#### [YOUR OBJECTIVE]
Only the lines below, from the one with "From mathcomp Require Import ring" through the one with "(* Whatever the", are to be written out, exactly.

[Collected data entries]
(* Let $\alpha\in(0,1)$, $R>0$, and consider the initial state $(x_O,y_O,y_T)$ at time $0$ of the observer–target system. Let $m=\sqrt{1-\alpha^2}/\alpha$ and let $W=(x_O,y_O-R)$ be the bottom point of the observation disk. If $W$ lies on or above the Decision Line, i.e. $y_O-R-y_T\ge m|x_O|$, then the optimal observation time equals $\frac{2R}{1-\alpha}$ (the state belongs to $\mathscr B_3$).
   Context: Target: position $(0,y_T(t))$, $\dot y_T=1$, $y_T(0)=y_T$. Observer: position $(x_O(t),y_O(t))$ starting at $(x_O,y_O)$, $\dot x_O=\alpha\cos\psi(t)$, $\dot y_O=\alpha\sin\psi(t)$, heading $\psi:[0,\infty)\to\mathbb R$ a measurable control. Observation disk: closed disk of radius $R$ centered at the observer. For a control, $t_2=\inf\{t\ge0:x_O(t)^2+(y_O(t)-y_T(t))^2\le R^2\}$ (contact time), $t_f=\inf\{t\ge t_2:x_O(t)^2+(y_O(t)-y_T(t))^2>R^2\}$, and the observation time is $t_{\text{obs}}=t_f-t_2$ (taken to be $0$ if no contact occurs). The optimal observation time is the supremum of $t_{\text{obs}}$ over all controls. The Decision Line is the union of the two rays $\{(\pm s\alpha,\,y_T+s\sqrt{1-\alpha^2}):s\ge0\}$ from the initial target position, i.e. the set of points $Z$ whose Apollonius circle $\{P:|PZ|=\alpha|PT|\}$ with the target $T$ is tangent to the target's path; ''on or above'' it means in the region $\{(x,y):y-y_T\ge m|x|\}$. $\mathscr B_3$ denotes the set of states whose optimal observation time equals $2R/(1-\alpha)$. *)

From HB Require Import structures.
From mathcomp Require Import all_boot all_order all_algebra.
From mathcomp Require Import all_classical all_reals all_analysis.
Set Implicit Arguments. Unset Strict Implicit. Unset Printing Implicit Defensive.
Import Order.TTheory GRing.Theory Num.Theory.
Local Open Scope classical_set_scope.
Local Open Scope ring_scope.

Section ObserverTarget.
Variable R : realType.

Definition obsX (alpha xO : R) (psi : R -> R) (t : R) : R :=
  xO + Rintegral (@lebesgue_measure R) `[0, t] (fun s => alpha * cos (psi s)).
Definition obsY (alpha yO : R) (psi : R -> R) (t : R) : R :=
  yO + Rintegral (@lebesgue_measure R) `[0, t] (fun s => alpha * sin (psi s)).
(* Target position (0, yT + t). *)
Definition targY (yT t : R) : R := yT + t.

Definition in_disk (alpha r xO yO yT : R) (psi : R -> R) (t : R) : Prop :=
  (obsX alpha xO psi t) ^+ 2 + (obsY alpha yO psi t - targY yT t) ^+ 2 <= r ^+ 2.

Definition contact_time (alpha r xO yO yT : R) (psi : R -> R) : \bar R :=
  ereal_inf [set t%:E | t in [set t : R | 0 <= t /\ in_disk alpha r xO yO yT psi t]].

Definition exit_time (alpha r xO yO yT : R) (psi : R -> R) : \bar R :=
  ereal_inf [set t%:E | t in [set t : R |
    (contact_time alpha r xO yO yT psi <= t%:E)%E /\ ~ in_disk alpha r xO yO yT psi t]].

Definition obs_time (alpha r xO yO yT : R) (psi : R -> R) : \bar R :=
  if contact_time alpha r xO yO yT psi == +oo%E then 0%E
  else (exit_time alpha r xO yO yT psi - contact_time alpha r xO yO yT psi)%E.

Definition admissible (psi : R -> R) : Prop :=
  measurable_fun [set t : R | 0 <= t] psi.

Definition optimal_obs_time (alpha r xO yO yT : R) : \bar R :=
  ereal_sup [set obs_time alpha r xO yO yT psi | psi in admissible].

End ObserverTarget.

From HB Require Import structures.
From mathcomp Require Import all_boot all_order all_algebra.
From mathcomp Require Import all_classical all_reals all_analysis.
From mathcomp Require Import ring lra measurable_realfun.
Set Implicit Arguments. Unset Strict Implicit. Unset Printing Implicit Defensive.
Import Order.TTheory GRing.Theory Num.Theory.
Local Open Scope classical_set_scope.
Local Open Scope ring_scope.

(* Whatever the heading, the vertical coordinate of the observer relative to
   the target decreases at speed at least 1 - alpha, so once the target is in
   the disk it has crossed the whole diameter 2r, and left, within time
   2r / (1 - alpha).  Conversely, steer with heading th, sin th = alpha: the
   relative velocity is then parallel to the Decision Line, so when the bottom
   point W starts on or above that line the target stays out of the disk
   until the observer is directly above it.  Heading due north from then on,
   the target enters the disk at its bottom point and leaves at its top with
   relative speed exactly 1 - alpha. *)

Lemma normr_le_of_sqrD_le (R : realFieldType) (r x y : R) :
  0 <= r -> x ^+ 2 + y ^+ 2 <= r ^+ 2 -> `|y| <= r.
Proof.
move=> r0 xy_le; have x2 : 0 <= x ^+ 2 by exact: sqr_ge0.
have lo : - r <= y by nra.
have hi : y <= r by nra.
by rewrite ler_norml lo hi.
Qed.

Section Integration.
Variable R : realType.
Local Notation mu := (@lebesgue_measure R).

Lemma integrable_bounded (A : set R) (f : R -> R) (M : R) : measurable A ->
  (mu A < +oo)%E -> measurable_fun A f -> (forall x, A x -> `|f x| <= M) ->
  mu.-integrable A (EFin \o f).
Proof.
move=> mA Afin mf fM; apply: measurable_bounded_integrable => //.
apply: (@sub_boundedl _ _ _ _ (fun _ => M)); last exact: bounded_cst.
by move=> x Ax /=; apply: le_trans (fM x Ax) (ler_norm M).
Qed.

Lemma lebesgue_measure_itv_lty (a b : R) bl br :
  (mu [set` Interval (BSide bl a) (BSide br b)] < +oo)%E.
Proof. by rewrite lebesgue_measure_itv; case: ifP => // _; rewrite /= -EFinD ltry. Qed.

Lemma fine_lebesgue_measure_itv (a b : R) bl br : a <= b ->
  fine (mu [set` Interval (BSide bl a) (BSide br b)]) = b - a.
Proof.
move=> ab; rewrite lebesgue_measure_itv /=.
have [<-|ab'] := eqVneq a b; first by case: ifP; rewrite /= subrr.
by rewrite ifT //= lte_fin lt_neqAle ab' ab.
Qed.

Lemma Rintegral_cst_itv (c a b : R) bl br : a <= b ->
  Rintegral mu [set` Interval (BSide bl a) (BSide br b)] (fun=> c) = c * (b - a).
Proof. by move=> ab; rewrite Rintegral_cst ?fine_lebesgue_measure_itv. Qed.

#### [OUTPUT BELOW]
From mathcomp Require Import ring lra measurable_realfun.
Set Implicit Arguments. Unset Strict Implicit. Unset Printing Implicit Defensive.
Import Order.TTheory GRing.Theory Num.Theory.
Local Open Scope classical_set_scope.
Local Open Scope ring_scope.

(* Whatever the heading, the vertical coordinate of the observer relative to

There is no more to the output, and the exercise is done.